Introduction : The incidence of HIV-positive lymphoma remains significantly higher than HIV-negative patients in the era of combined antiretroviral therapy(cART). DLBCL is the most common histological type of HIV-positive non-Hodgkin's lymphoma(NHL). Exportin 1 protein(XPO1) inhibitor has demonstrated preliminary anti-HIV activity and synergy with anti-lymphoma drug(e.g. etoposide, doxorubicin, prednisone).
Methods: The study was designed to evaluate safety and efficacy of selinexor (60mg Days 1, 8, 15) combined with R-EPOCH(rituximab 375 mg/m2d1, etoposide 50 mg/m2 d1-d4, doxorubicin 10mg/m2 d1-d4, vinblastine 0.4mg/m2 d1-d4, prednisone 60mg/m2 d1-d5 and cyclophosphamide 750mg/m2 d5) every 3 weeks (4-6 cycles), followed by selinexor maintenance (60 mg weekly) or transplantation as per physician's choice in patients with untreated HIV-positive DLBCL. All patients received cART concomitantly during chemotherapy. This study was registered at Chictr.org.cn(ChiCTR2300069941).

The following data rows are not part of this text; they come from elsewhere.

(* If [R m] never enters, some edge [f n f(n+1)] has all bags of [R m] behind it, while
   the ray reaches a clique vertex beyond it; the ray crosses the edge through [B (f n)]. *)
Lemma ray_unbounded_in_bags m : exists i n, m <= i /\ B (f n) (R i).
Proof.
  destruct (classic (exists n, B (f n) (R m))) as [[n Hn]|Hnone];
    [exists m, n; split; [lia|exact Hn]|].
  destruct (bag_cover (R m)) as [s Hs].
  destruct (not_all_ex_not _ _ (not_always_towards tE Htree f s Hf_edge)) as [n Hn].
  assert (Hm : confined tE B (f (S n)) (f n) (R m)).
  { apply (confined_of_bag _ _ _ HTD _ _ s _ (tE_sym _ _ (Hf_edge n)) Hs).
    - destruct (side_cover tE Htree _ _ s (Hf_edge n)) as [H|H]; [contradiction|exact H].
    - intros H; apply Hnone; exists (S n); exact H. }
  destruct (fresh_clique_vertex_in_bag (f n) (S (S m))) as (J & HmJ & HJ).
  assert (HnJ : ~ confined tE B (f (S n)) (f n) (R (pred J))).
  { intros HJ'; apply (confined_adj _ _ _ HTD (f n) (f (S n)) (K J) (R (pred J)) (Hf_edge n));
      [simpl; lia|exact (proj2 (Hf n) J HJ)|exact HJ']. }
  destruct (nat_crossing (fun i => confined tE B (f (S n)) (f n) (R i)) m (pred J))
    as (i & Hmi & Hi & Hi'); [lia|exact Hm|exact HnJ|].
  exists (S i), n; split; [lia|].
  exact (proj1 (confined_separation _ _ _ HTD _ _ (R i) (R (S i)) (Hf_edge n)
                  (or_introl eq_refl) Hi Hi')).
Qed.

Lemma not_lean_along_nested_bags : exists n, not_lean_at gadj B (f n).
Proof.
  destruct (ray_unbounded_in_bags 0) as (i & n1 & _ & Hi).
  destruct (ray_unbounded_in_bags (S i)) as (j & n2 & Hij & Hj).
  destruct (finite_eventually_in_bag (R i :: R j :: map K (seq 0 (j + 3)))) as [N HN].
  { intros v [<-|[<-|Hv]]; [exists n1; exact Hi|exists n2; exact Hj|].
    apply in_map_iff in Hv as (k & <- & _); exact (clique_eventually_in_bags k). }
  exists N; exact (not_lean_of_two_ray_vertices B (f N) i j Hij HN).
Qed.

End NestedBags.

Lemma decomposition_not_lean : exists t, not_lean_at gadj B t.
Proof.
  destruct (choice towards_clique towards_clique_exists) as [next Hnext].
  destruct (bag_cover (K 0)) as [t0 Ht0].
  set (f n := Nat.iter n next t0).
  assert (Hf : forall n, towards_clique (f n) (f (S n))) by (intros n; apply Hnext).
  assert (Hk0 : forall n, B (f n) (K 0))
    by (induction n as [|n IH]; [exact Ht0|exact (towards_clique_keeps_clique _ _ 0 (Hf n) IH)]).
  destruct (classic (exists n v, B (f n) v /\ ~ B (f (S n)) v)) as [(n & v & Hv & Hv')|Hnest].
  - exists (f n); exact (not_lean_of_leaving_vertex _ _ v (Hf n) (Hk0 n) Hv Hv').
  - destruct (not_lean_along_nested_bags f Hf) as [n Hn]; [|exists (f n); exact Hn].
    intros n v Hv; apply NNPP; intros Hv'; apply Hnest; exists n, v; split; assumption.
Qed.

End DecompositionsOfG.

Theorem mainTheorem3 :
  exists (V : Type) (adj : V -> V -> Prop),
    simple_graph adj /\ countable V /\
    forall (T : Type) (tE : T -> T -> Prop) (B : T -> V -> Prop),
      tree_decomposition adj tE B -> finite_parts B ->
      exists (t : T) (l : nat) (Z1 Z2 : list V),
        NoDup Z1 /\ NoDup Z2 /\ length Z1 = l /\ length Z2 = l /\
        (forall v, In v Z1 -> B t v) /\ (forall v, In v Z2 -> B t v) /\
        ~ has_disjoint_AB_paths adj Z1 Z2 l.
Proof.
  exists vertex, gadj; split; [exact gadj_simple|split; [exact vertex_countable|]].
  intros T tE B HTD Hfin.
  exact (decomposition_not_lean tE B HTD Hfin).
Qed.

Results: From Feb 24, 2023 to July 17, 2023, 6 patients were enrolled and received at least one cycles of study treatment. Median age was 55 years (range 43-67) with four patients(66.7%) was male. All six patients were in advanced stage according to Ann Arbor staging system, with aaIPI intermediate to high risk or IPI low to intermediate risk. Four patients(66.7%) were germinal center B-cell-like lymphoma (GCB) subtype and three patients(50%) had an Elevated lactate dehydrogenase level. Median HIV RNA load was 74450(10000-100000) copies/mL and Median CD4 cell count was 233 cells/μL (233 cells/mm3) with one patient having a CD4 cell count less than 200 cells/μL (200 cells/mm3). Two patients were HBV-positive and one was EB virus(EBV) coinfection at baseline.
Three patients achieved PR after two treatment cycles, one patient of which had completed five treatment cycles and achieved complete response at the end of the fourth cycle (Figure 1). One patients after interim evaluation with PR stopped treatment because of loss to follow-up. The EBV DNA load of the patient with EBV coinfection at baseline turned to normal level after one treatment cycle. Similar result was observed in two HBV-positive patients, the one achieved HBV-negative after two cycles and the other's HBV DNA load level declined from 7.96×10^4 IU/mL to 1.12×10^3 after completing first cycle. HIV RNA load of the patient with CR had declined to <20 copies/mL from 58300 copies/mL after the fourth cycle, another patient likewise became HIV-negative before the initiation of the third cycle. The change of CD4+T cell count during treatment was presented in Figure 2.
All patients experienced at least one treatment-emergent adverse event (TEAE), 3 (50%) patients with at least one Grade≥3 TEAE. The most common grade 3 or 4 adverse events were hematological toxicities including lymphopenia(83.3%), neutropenia (50%), leukopenia(33.3%), thrombocytopenia (33.3%). Two patients experienced Febrile neutropenia. The non-hematological toxicities were grade 1 or 2, including nausea(66.7%), vomit(50%), constipation(33.3%), cough(33%). One patient stopped treatment for one month due to pulmonary infection. All toxicities were manageable by supportive care.
Conclusion: Selinexor plus R-EPOCH regimen demonstrated a favorable Interim efficacy and manageable safety profile in patients with HIV-associated DLBCL. The change of HIV RNA load and CD4+ cell count still requires further evaluation.
Disclosures
No relevant conflicts of interest to declare.